On the auction block, the leering pirate was leading the young woman down, jerking her leash as he descended the rickety stairs. A man from the crowd, well-dressed and important-looking, stepped out and accepted the chain.

“It’s awful,” Avery said.

“Aye.”

Avery started to ask Janx a question, then thought better of it. There were some things he didn’t want to know.

Janx seemed to sense it. He sighed. “Ya wanna know if I did any o’ this, back in my piratin’ days."

Avery hesitated, then nodded. I hope I don’t regret this.

Janx cast a look at Hildra’s and Layanna’s backs—the women had been led ahead of them, toward the head of the line of pirates from Segrul’s party, Layanna assuming a place of perverted honor among the group—as if to make sure they couldn’t overhear.

“I never raped a woman, Doc, and that’s the truth,” Janx said. “An’ I never bought or sold one, either.”

Avery could hear the but. “But your men … you were a captain …”

Janx’s large head nodded slowly. “Aye. I couldn’t stop ‘em. If I’d tried, I would’ve had me belly slit open, live eels stuffed inside and sewn back up. I’ve seen it happen. No, I knew better than to fight it.

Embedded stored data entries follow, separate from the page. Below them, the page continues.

Lemma gsparse_lt_max_seq (s : seq (hpt n)) : s != [::] -> (forall p, p \in s -> SH p) ->
  exists2 m, m \in s & forall p, p \in s -> p <> m -> glt p m.
Proof.
elim: s => [//|x s IHs] _ sS.
have Sx : SH x by apply: sS; rewrite mem_head.
have [->|s_neq0] := eqVneq s [::].
  by exists x; rewrite ?mem_head // => p; rewrite inE => /eqP.
have sS' p : p \in s -> SH p by move=> ps; apply: sS; rewrite inE ps orbT.
have [m ms m_max] := IHs s_neq0 sS'.
have Sm := sS' m ms.
have [eq_xm|[lt_xm|lt_mx]] := gsparse_lt_total Sx Sm.
- exists m; rewrite ?inE ?ms ?orbT // => p.
  by rewrite inE => /orP [/eqP -> /(_ eq_xm) []|/m_max].
- exists m; rewrite ?inE ?ms ?orbT // => p.
  by rewrite inE => /orP [/eqP -> //|/m_max].
exists x; rewrite ?mem_head // => p; rewrite inE => /orP [/eqP -> //|ps _].
have [-> //|neq_pm] := eqVneq p m.
exact: gsparse_lt_trans (sS' p ps) Sm Sx (m_max p ps (elimN eqP neq_pm)) lt_mx.
Qed.

End GradedSparseOrder.

Section Lmul.
Variables (K : fieldType) (n : nat).
Implicit Types f g : Lpoly K n.

Lemma lmulE (d1 d2 : {fset hpt n}) f g :
  (msupp f `<=` d1)%fset -> (msupp g `<=` d2)%fset ->
  lmul f g = \sum_(a <- d1) \sum_(b <- d2) << f@_a * g@_b *g (a + b) >>.
Proof.
move=> le_d1 le_d2; rewrite /lmul (big_fset_incl _ le_d1) /=.
  apply/eq_bigr=> a _; apply/big_fset_incl => // b _ /mcoeff_outdom ->.
  by rewrite mulr0 monalgU0.
move=> a _ /mcoeff_outdom ->.
by rewrite big1 => // b _; rewrite mul0r monalgU0.
Qed.

Lemma lmul0l g : lmul 0 g = 0.
Proof. by rewrite /lmul msupp0 big_seq_fset0. Qed.

Lemma lmulDl f1 f2 g : lmul (f1 + f2) g = lmul f1 g + lmul f2 g.
Proof.
rewrite (lmulE (msuppD_le f1 f2) (fsubset_refl (msupp g))).
rewrite (lmulE (fsubsetUl (msupp f1) (msupp f2)) (fsubset_refl (msupp g))).
rewrite (lmulE (fsubsetUr (msupp f1) (msupp f2)) (fsubset_refl (msupp g))).
rewrite -big_split; apply: eq_bigr => a _; rewrite -big_split; apply: eq_bigr => b _.
by rewrite mcoeffD mulrDl monalgUD.
Qed.

Lemma lmulNl f g : lmul (- f) g = - lmul f g.
Proof. by apply/eqP; rewrite -addr_eq0 -lmulDl addNr lmul0l. Qed.

Lemma mcoeff_lmulU c t g b : (lmul << c *g t >> g)@_(t + b) = c * g@_b.
Proof.
rewrite (lmulE msuppU_le (fsubset_refl (msupp g))) big_seq_fset1 mcoeffUU raddf_sum /=.
have -> : g@_b = \sum_(b' <- msupp g) g@_b' *+ (b' == b).
  by rewrite {1}(monalgE g) raddf_sum /=; apply: eq_bigr => b' _; rewrite mcoeffU.
rewrite mulr_sumr; apply: eq_bigr => b' _.
by rewrite !mcoeffU (inj_eq (addrI t)) mulrnAr.
Qed.

Lemma msupp_lmulU c t g x : x \in msupp (lmul << c *g t >> g) ->
  exists2 b, b \in msupp g & x = t + b.
Proof.
move=> xs; apply: contrapT => x_notin; move: xs; rewrite -mcoeff_neq0 => /negP; apply.
rewrite (lmulE msuppU_le (fsubset_refl (msupp g))) big_seq_fset1 raddf_sum /=.
apply/eqP; rewrite big1_fset // => b bg _; rewrite mcoeffU.
by case: eqP => // eq_x; case: x_notin; exists b.
Qed.

End Lmul.

Section SemigroupAlgebra.
Variables (K : fieldType) (R : realType) (n : nat) (V : seq 'rV[R]_n).
Implicit Types f g : Lpoly K n.

Lemma inKSh0 : inKSh V (0 : Lpoly K n).
Proof. by move=> x; rewrite msupp0 in_fset0. Qed.

Lemma inKShD f g : inKSh V f -> inKSh V g -> inKSh V (f + g).
Proof. by move=> Sf Sg x /(fsubsetP (msuppD_le f g)); rewrite in_fsetU => /orP [/Sf|/Sg]. Qed.

Lemma inKShN f : inKSh V f -> inKSh V (- f).
Proof. by move=> Sf x; rewrite msuppN => /Sf. Qed.

Lemma inKShU (c : K) t : inSMh V t -> inKSh V (<< c *g t >> : Lpoly K n).
Proof. by move=> St x /(fsubsetP msuppU_le); rewrite in_fset1 => /eqP ->. Qed.

Variable lt : pt n -> pt n -> Prop.
Hypothesis ltM : monomial_order V lt.

Lemma isLM_exists f : inKSh V f -> f != 0 -> exists m, isLM V lt f m.
Proof.
move=> Sf f_neq0.
have supp_neq0 : (msupp f : seq _) != [::].
  by apply: contraNneq f_neq0 => supp0; rewrite (monalgE f) supp0 big_nil.
by have [m mf m_max] := gsparse_lt_max_seq ltM supp_neq0 Sf; exists m.
Qed.

Lemma isLM_uniq f m1 m2 : inKSh V f -> isLM V lt f m1 -> isLM V lt f m2 -> m1 = m2.
Proof.
move=> Sf [m1f m1_max] [m2f m2_max]; apply: contrapT => neq_m.
have lt21 := m1_max m2 m2f (nesym neq_m); have lt12 := m2_max m1 m1f neq_m.
have S1 := Sf _ m1f; have S2 := Sf _ m2f.
exact: (gsparse_lt_irr ltM S1 (gsparse_lt_trans ltM S1 S2 S1 lt12 lt21)).
Qed.

End SemigroupAlgebra.

Section Reduction.
Variables (K : fieldType) (R : realType) (n : nat) (V : seq 'rV[R]_n).
Variable lt : pt n -> pt n -> Prop.
Hypothesis ltM : monomial_order V lt.
Implicit Types f g h : Lpoly K n.

Definition in_lmul_span (G : seq (Lpoly K n)) f :=
  exists c : 'I_(size G) -> Lpoly K n,
    (forall i, inKSh V (c i)) /\ f = \sum_(i < size G) lmul (c i) G`_i.

Lemma in_lmul_span0 G : in_lmul_span G 0.
Proof.
exists (fun=> 0); split => [i|]; first exact: inKSh0.
by rewrite big1 // => i _; rewrite lmul0l.
Qed.

Lemma in_lmul_spanD G f g h : in_lmul_span G f -> g \in G -> inKSh V h ->
  in_lmul_span G (f + lmul h g).
Proof.
move=> [c [Sc ->]] gG Sh.
have lt_j : (index g G < size G)%N by rewrite index_mem.
pose j := Ordinal lt_j.
exists (fun i => c i + (if i == j then h else 0)); split.
  by move=> i; apply: inKShD => //; case: eqP => _; [apply: Sh | apply: inKSh0].
rewrite [RHS](eq_bigr _ (fun i _ => lmulDl (c i) _ G`_i)) big_split /=.
congr (_ + _).
rewrite (bigD1 j) //= eqxx nth_index // big1 ?addr0 // => i /negbTE ->.
exact: lmul0l.
Qed.

Lemma msupp_reduce_lt f g m mg t :
  inKSh V f -> inKSh V g -> isLM V lt f m -> isLM V lt g mg ->
  inSMh V t -> mg + t = m -> (sdeg V mg + sdeg V t = sdeg V m)%N ->
  forall x, x \in msupp (f + lmul << - (f@_m / g@_mg) *g t >> g) ->
    gsparse_lt V lt x m.
Proof.
move=> Sf Sg [mf m_max] [mg_g mg_max] St eq_m sdeg_m x.
have coef_m : (f + lmul << - (f@_m / g@_mg) *g t >> g)@_m = 0.
  have := mcoeff_lmulU (- (f@_m / g@_mg)) t g mg.
  rewrite addrC eq_m mcoeffD => ->.
  by rewrite mulNr divfK ?subrr // mcoeff_neq0.
move=> /[dup] xs /(fsubsetP (msuppD_le _ _)); rewrite in_fsetU.
have neq_xm : x <> m by move=> eq_x; move: xs; rewrite eq_x -mcoeff_neq0 coef_m eqxx.
case/orP => [/m_max/(_ neq_xm) //|/msupp_lmulU [b bg eq_x]].
rewrite eq_x in neq_xm *.
have neq_b : b <> mg by move=> eq_b; apply: neq_xm; rewrite eq_b addrC.
rewrite -eq_m addrC.
by apply: (gsparse_lt_addr ltM (Sg _ bg) (Sg _ mg_g) St _ (mg_max b bg neq_b)); rewrite eq_m.
Qed.

Variable I : Lpoly K n -> Prop.
Hypothesis idealI : is_ideal V I.

Lemma lead_div_in_lmul_span (G : seq (Lpoly K n)) :
  (forall g, g \in G -> I g) ->
  (forall f, I f -> f <> 0 -> exists g, g \in G /\
     exists mg mf, [/\ isLM V lt g mg, isLM V lt f mf & ddiv V mg mf]) ->
  forall f, I f -> in_lmul_span G f.
Proof.
move=> GI G_div; case: idealI => IS _ Iadd Imul.
suff span_lead m : inSMh V m -> forall f, I f -> f != 0 -> isLM V lt f m -> in_lmul_span G f.
  move=> f If; have [->|f_neq0] := eqVneq f 0; first exact: in_lmul_span0.
  have [m LMf] := isLM_exists ltM (IS f If) f_neq0.
  exact: span_lead (IS f If _ LMf.1) f If f_neq0 LMf.
move: m; apply: (gsparse_lt_ind ltM) => m Sm IHm f If f_neq0 LMf.
have f_ne0 : f <> 0 by apply/eqP.
have [g [gG [mg [mf [LMg LMf_mf [t [St eq_mf sdeg_mf]]]]]]] := G_div f If f_ne0.
have eq_m : mf = m := isLM_uniq ltM (IS f If) LMf_mf LMf.
rewrite eq_m in eq_mf sdeg_mf.
set h := << - (f@_m / g@_mg) *g t >>.
have Sh : inKSh V h by apply: inKShU.
have Ig := GI g gG.
have If' : I (f + lmul h g) by apply: Iadd => //; apply: Imul.
have span' : in_lmul_span G (f + lmul h g).
  have [->|f'_neq0] := eqVneq (f + lmul h g) 0; first exact: in_lmul_span0.
  have [m' LMr] := isLM_exists ltM (IS _ If') f'_neq0.
  have lt_m'm := msupp_reduce_lt (IS f If) (IS g Ig) LMf LMg St eq_mf sdeg_mf LMr.1.
  exact: IHm (IS _ If' _ LMr.1) lt_m'm _ If' f'_neq0 LMr.
have -> : f = f + lmul h g + lmul (- h) g by rewrite lmulNl addrK.
exact: in_lmul_spanD span' gG (inKShN Sh).
Qed.
End Reduction.

Lemma shortest_decomp_choice (R : realType) (n : nat) (V : seq 'rV[R]_n) :
  {dec : pt n -> seq (pt n) & forall s, inSM V s -> shortest_decomp V s (dec s)}.
Proof.
apply: (@choice _ _ (fun s ts => inSM V s -> shortest_decomp V s ts)) => s.
have [/shortest_decomp_exists [ts ?]|nSs] := pselect (inSM V s).
  by exists ts.
by exists [::].
Qed.

Section SparseGroebnerBasis.
Variables (R : realType) (n : nat) (V : seq 'rV[R]_n).
Hypothesis zeroM : in_conv V 0.

Local Notation dA := (deltaA V).

Lemma ddiv_of_decomp a b (u : seq (pt n)) : inSMh V a -> inSMh V b ->
  (forall t, t \in u -> latt V t) -> b.1 = a.1 + \sum_(t <- u) t ->
  dA b.1 = (dA a.1 + size u)%N -> a.2 - (dA a.1)%:Z <= b.2 - (dA b.1)%:Z ->
  ddiv V a b.
Proof.
move: a b => [s d] [s' d'] Sa Sb uL /= eq_s' dA_s' le_exc.
have [e /= eq_d] := inSMh_deg Sa; have [e' /= eq_d'] := inSMh_deg Sb.
have Su : inSMh V (\sum_(t <- u) t, (size u)%:Z) by exists u.
have le_dAu := deltaA_leq Su.
have le_dAs' := deltaAD_le (inSMh_inSM Sa) (inSMh_inSM Su).
rewrite eq_d eq_d' in le_exc *; rewrite /= -eq_s' in le_dAs'.
exists (\sum_(t <- u) t, (e' - e)%N%:Z); split.
- by apply: (inSMh_raise zeroM Su); lia.
- by rewrite hptD -eq_s'; congr (_, _); lia.
- by apply/eqP; rewrite /sdeg /= eqn_leq le_dAs' andbT dA_s' leq_add2l.
Qed.

Variable P0 : seq (pt n).
Hypothesis latt_P0 : forall s, latt V s -> s \in P0.
Variable dec : pt n -> seq (pt n).
Hypothesis decP : forall s, inSM V s -> shortest_decomp V s (dec s).

Definition code (p : hpt n) (j : nat) : nat :=
  if (j < size P0)%N then count_mem (nth 0 P0 j) (dec p.1) else (`|p.2| - dA p.1)%N.

Lemma ddiv_of_code_le a b : inSMh V a -> inSMh V b ->
  dominated (size P0).+1 code a b -> ddiv V a b.
Proof.
move=> Sa Sb le_code.
have [decaL sum_a size_a] := decP (inSMh_inSM Sa).
have [decbL sum_b size_b] := decP (inSMh_inSM Sb).
have le_count y : (count_mem y (dec a.1) <= count_mem y (dec b.1))%N.
  have [yP0|yP0] := boolP (y \in P0).
    have := le_code (index y P0); rewrite /code index_mem yP0 nth_index //.
    by apply; rewrite ltnS index_size.
  suff -> : count_mem y (dec a.1) = 0%N by [].
  by apply/count_memPn; apply: contraNN yP0 => /decaL /latt_P0.
have [v /perm_to_subseq [u perm_u] perm_v] := (count_subseqP _ _).1 le_count.
have {perm_u perm_v} perm_ab : perm_eq (dec b.1) (dec a.1 ++ u).
  by rewrite (permPl perm_u) perm_cat2r perm_sym.
apply: (ddiv_of_decomp (u := u)) => //.
- by move=> t tu; apply: decbL; rewrite (perm_mem perm_ab) mem_cat tu orbT.
- by rewrite sum_b (perm_big _ perm_ab) big_cat /= -sum_a.
- by rewrite -size_a -size_b (perm_size perm_ab) size_cat.
have := le_code (size P0) (ltnSn _); rewrite /code ltnn.
have := deltaA_le_deg Sa; have := deltaA_le_deg Sb.
have [e ->] := inSMh_deg Sa; have [e' ->] := inSMh_deg Sb; rewrite !lez_nat /=.
lia.
Qed.

Variables (K : fieldType) (lt : pt n -> pt n -> Prop) (I : Lpoly K n -> Prop).
Hypotheses (ltM : monomial_order V lt) (idealI : is_ideal V I).

Lemma sparse_GB_exists : exists G, sparse_GB V lt I G.
Proof.
case: (idealI) => IS _ _ _.
have [lm lmP] : {lm : Lpoly K n -> hpt n & forall f, I f -> f != 0 -> isLM V lt f (lm f)}.
  apply: (@choice _ _ (fun f m => I f -> f != 0 -> isLM V lt f m)) => f.
  have [[If f_neq0]|not_If] := pselect (I f /\ f != 0); last first.
    by exists 0 => If f_neq0; case: not_If.
  by have [m LMf] := isLM_exists ltM (IS f If) f_neq0; exists m.
have [G [GI G_basis]] := dickson (size P0).+1 (code \o lm) (fun f => I f /\ f != 0).
have G_div f : I f -> f <> 0 -> exists g, g \in G /\
    exists mg mf, [/\ isLM V lt g mg, isLM V lt f mf & ddiv V mg mf].
  move=> If /eqP f_neq0; have [g gG le_code] := G_basis f (conj If f_neq0).
  have [Ig g_neq0] := GI g gG; have LMg := lmP g Ig g_neq0; have LMf := lmP f If f_neq0.
  exists g; split => //; exists (lm g), (lm f); split => //.
  exact: ddiv_of_code_le (IS g Ig _ LMg.1) (IS f If _ LMf.1) le_code.
have G_I g : g \in G -> I g by case/GI.
exists G; split => // f If.
exact: (lead_div_in_lmul_span ltM idealI G_I G_div If).
Qed.

End SparseGroebnerBasis.

Theorem mainTheorem4
  (K : fieldType) (charK0 : [pchar K] =i pred0)
  (R : realType) (n : nat) (V : seq 'rV[R]_n)
  (zeroM : in_conv V 0)
  (pointedSM : pointed (inSM V)) (pointedSMh : pointed (inSMh V))
  (lt : pt n -> pt n -> Prop) (ltM : monomial_order V lt)
  (I : Lpoly K n -> Prop) (idealI : is_ideal V I)
  (homI : homogeneous_ideal I) :
  exists G : seq (Lpoly K n), sparse_GB V lt I G.
Proof.
have [P0 latt_P0] := latt_finite V.
have [dec decP] := shortest_decomp_choice V.
exact: (sparse_GB_exists zeroM latt_P0 decP ltM idealI).
Qed.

Not all pirates are rapers. Some’re just outcasts with nowhere else to go, usually with some law or other gunnin’ for ‘em, like I was. But most are. The ones that manage to keep their honor’ve got to stay outta the way of the ones that don’t, and that’s just the way it is. Even if you wind up captain.”

Avery absorbed that. “It’s still terrible.”

“So’s the plague. Nothin’ you can do about it.”

They fell into silence as Segrul led the way through the town, and Avery wondered what had been here before. He assumed the Magons must have had a fishing village or the like on this spot before giving it over to the reavers, but there was no sign of it now, nor was there indication at all of the natives. They must stay well clear of this place for some reason. Religious, possibly. Or perhaps it was the R’loth keeping the right hand and left hand separated.

Segrul stopped at the edge of town, where a narrow path wound up a stone hill that flowed into a mountain. And above, more mountains.

A party of natives waited for them. They were not what Avery expected.

“Turtle-men,” Janx grunted. “I always wondered the Magons looked like.” Avery was forced to agree with the description, at least in part. Dark, ridged tortoise-like carapaces arched from the natives’ backs, and their chests, arms and legs were also encased in tortoise-like armor, though the joints were sheathed in fleshy greenish tissue. For heads they boasted a dark green mound bristling with a profusion of stalks and mandibles, not turtle-like at all, and instead of hands they had long, tapering dark-green pincers. From the last joint of armor at the end of their forearms, purplish tendrils writhed, very narrow, perhaps half an inch in diameter, mottled with black. Just a few inches of the tendrils' lengths were visible, but Avery sensed they could shoot out when needed and perform any actions that pincers could not accomplish. They were organically armed and armored creatures, and all of them seemingly alike, of which there were about half a dozen.